*Directions for this task*:
Every line of the records that holds the word "Implicit" should be copied out.

*Listed records*:

________________

(* Let $X\in\mathbb{Z}^{d\times N}$ be a matrix of full rank $d$ in $B$-basic form, $X=(B\,|\,A)$ with $B\in\mathbb{Z}^{d\times d}$ a diagonal matrix of full rank with non-negative entries and $A\in\mathbb{Z}^{d\times(N-d)}$ (columns indexed by $d+1,\dots,N$). Then, up to sign, every non-zero subdeterminant of $A$ is determined by the arithmetic matroid $\mathcal{A}(X)$: precisely, if $X'=(B'\,|\,A')\in\mathbb{Z}^{d\times N}$ is also in $B$-basic form (with $B'$ diagonal of full rank with non-negative entries) and represents the same arithmetic matroid as $X$, then for all $I\subseteq[d]$ and $J\subseteq\{d+1,\dots,N\}$ with $|I|=|J|$ such that the submatrix $A_{I,J}$ of $A$ with rows $I$ and columns $J$ has $\det(A_{I,J})\neq 0$, we have $|\det(A_{I,J})|=|\det(A'_{I,J})|$.
   Context: The arithmetic matroid $\mathcal{A}(X)$ represented by $X\in\mathbb{Z}^{d\times N}$ with columns $x_1,\dots,x_N$ is $([N],\operatorname{rk},m)$ where $\operatorname{rk}(S)$ is the dimension of the real span $\langle S\rangle_{\mathbb{R}}$ of $\{x_e:e\in S\}$ and $m(S)=|(\langle S\rangle_{\mathbb{R}}\cap\mathbb{Z}^d)/\langle S\rangle|$, with $\langle S\rangle$ the subgroup of $\mathbb{Z}^d$ generated by $\{x_e:e\in S\}$. *)

From HB Require Import structures.
From mathcomp Require Import all_boot all_order all_algebra.
Set Implicit Arguments. Unset Strict Implicit. Unset Printing Implicit Defensive.
Import Order.TTheory GRing.Theory Num.Theory.
Local Open Scope ring_scope.

(* Integer matrices X : 'M[int]_(d, N); columns indexed by 'I_N.
   Real spans of integer vectors are computed over rat (same dimension,
   same integer points). *)

Definition ratmx (m n : nat) (M : 'M[int]_(m, n)) : 'M[rat]_(m, n) :=
  map_mx (fun z : int => z%:~R) M.

(* rk(S) = dimension of the span of the columns x_e, e in S
   (columns outside S replaced by 0). *)
Definition mat_rk (d N : nat) (X : 'M[int]_(d, N)) (S : {set 'I_N}) : nat :=
  \rank (ratmx X *m diag_mx (\row_(j < N) (if j \in S then 1 else 0 : rat))).

Definition in_span (d N : nat) (X : 'M[int]_(d, N)) (S : {set 'I_N})
  (x : 'cV[int]_d) : Prop :=
  exists c : 'cV[rat]_N, (forall j, j \notin S -> c j 0 = 0) /\
    ratmx x = ratmx X *m c.

Definition in_lattice (d N : nat) (X : 'M[int]_(d, N)) (S : {set 'I_N})
  (x : 'cV[int]_d) : Prop :=
  exists c : 'cV[int]_N, (forall j, j \notin S -> c j 0 = 0) /\ x = X *m c.

(* is_mult X S m : the group (<S>_R ∩ Z^d) / <S> has exactly m elements,
   i.e. there are m representatives of pairwise distinct cosets covering all. *)
Definition is_mult (d N : nat) (X : 'M[int]_(d, N)) (S : {set 'I_N}) (m : nat)
  : Prop :=
  exists reps : 'I_m -> 'cV[int]_d,
    (forall i, in_span X S (reps i)) /\
    (forall i j, in_lattice X S (reps i - reps j) -> i = j) /\
    (forall x, in_span X S x -> exists i, in_lattice X S (x - reps i)).

Definition same_arith_matroid (d N : nat) (X X' : 'M[int]_(d, N)) : Prop :=
  forall S : {set 'I_N}, mat_rk X S = mat_rk X' S /\
    (forall m, is_mult X S m <-> is_mult X' S m).

Definition basic_diag (d : nat) (B : 'M[int]_d) : Prop :=
  is_diag_mx B /\ (forall i, 0 <= B i i) /\ \rank (ratmx B) = d.

From HB Require Import structures.
From mathcomp Require Import all_boot all_order all_algebra all_fingroup.
From mathcomp Require Import zify.
From Stdlib Require Import ClassicalEpsilon.
Import Order.TTheory GRing.Theory Num.Theory.
Local Open Scope ring_scope.
Set Implicit Arguments. Unset Strict Implicit.

(* Let I and J be the row and column sets of the minor, T the rows outside I,
   S1 the columns of B indexed by T and S2 = S1 + J.  The lattice spanned by S1
   is the diagonal sublattice (B_tt Z)_(t in T) of Z^T, so
   m(S1) = prod_(t in T) |B_tt|.  After permuting rows, the columns S2 form a
   block lower triangular matrix with diagonal blocks A_IJ and diag(B_tt);
   S2 is therefore a basis and m(S2) = |det| = |det A_IJ| * m(S1).  Both
   multiplicities and the rank of S2 are matroid data, so |det A_IJ| is the
   same for X and X'. *)

Definition has_index m (P Q : 'cV[int]_m -> Prop) (k : nat) : Prop :=
  exists reps : 'I_k -> 'cV[int]_m,
    (forall i, P (reps i)) /\
    (forall i j, Q (reps i - reps j) -> i = j) /\
    (forall x, P x -> exists i, Q (x - reps i)).

Section Index.

Variable m : nat.
Implicit Types P Q : 'cV[int]_m -> Prop.

Lemma has_index_leq P Q k1 k2 : (forall x y, Q x -> Q y -> Q (x - y)) ->
  has_index P Q k1 -> has_index P Q k2 -> (k1 <= k2)%N.
Proof.
move=> subQ [r1 [P1 [sep1 _]]] [r2 [_ [_ cover2]]].
have near i : {j | Q (r1 i - r2 j)}.
  exact/constructive_indefinite_description/cover2/P1.
suff /leq_card : injective (fun i => sval (near i)) by rewrite !card_ord.
move=> i i' /= eq_near; apply: sep1.
have := subQ _ _ (svalP (near i)) (svalP (near i')).
by rewrite eq_near opprB addrA subrK.
Qed.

________________

*Reply to the exercise*:
Set Implicit Arguments. Unset Strict Implicit. Unset Printing Implicit Defensive.
Set Implicit Arguments. Unset Strict Implicit.
Implicit Types P Q : 'cV[int]_m -> Prop.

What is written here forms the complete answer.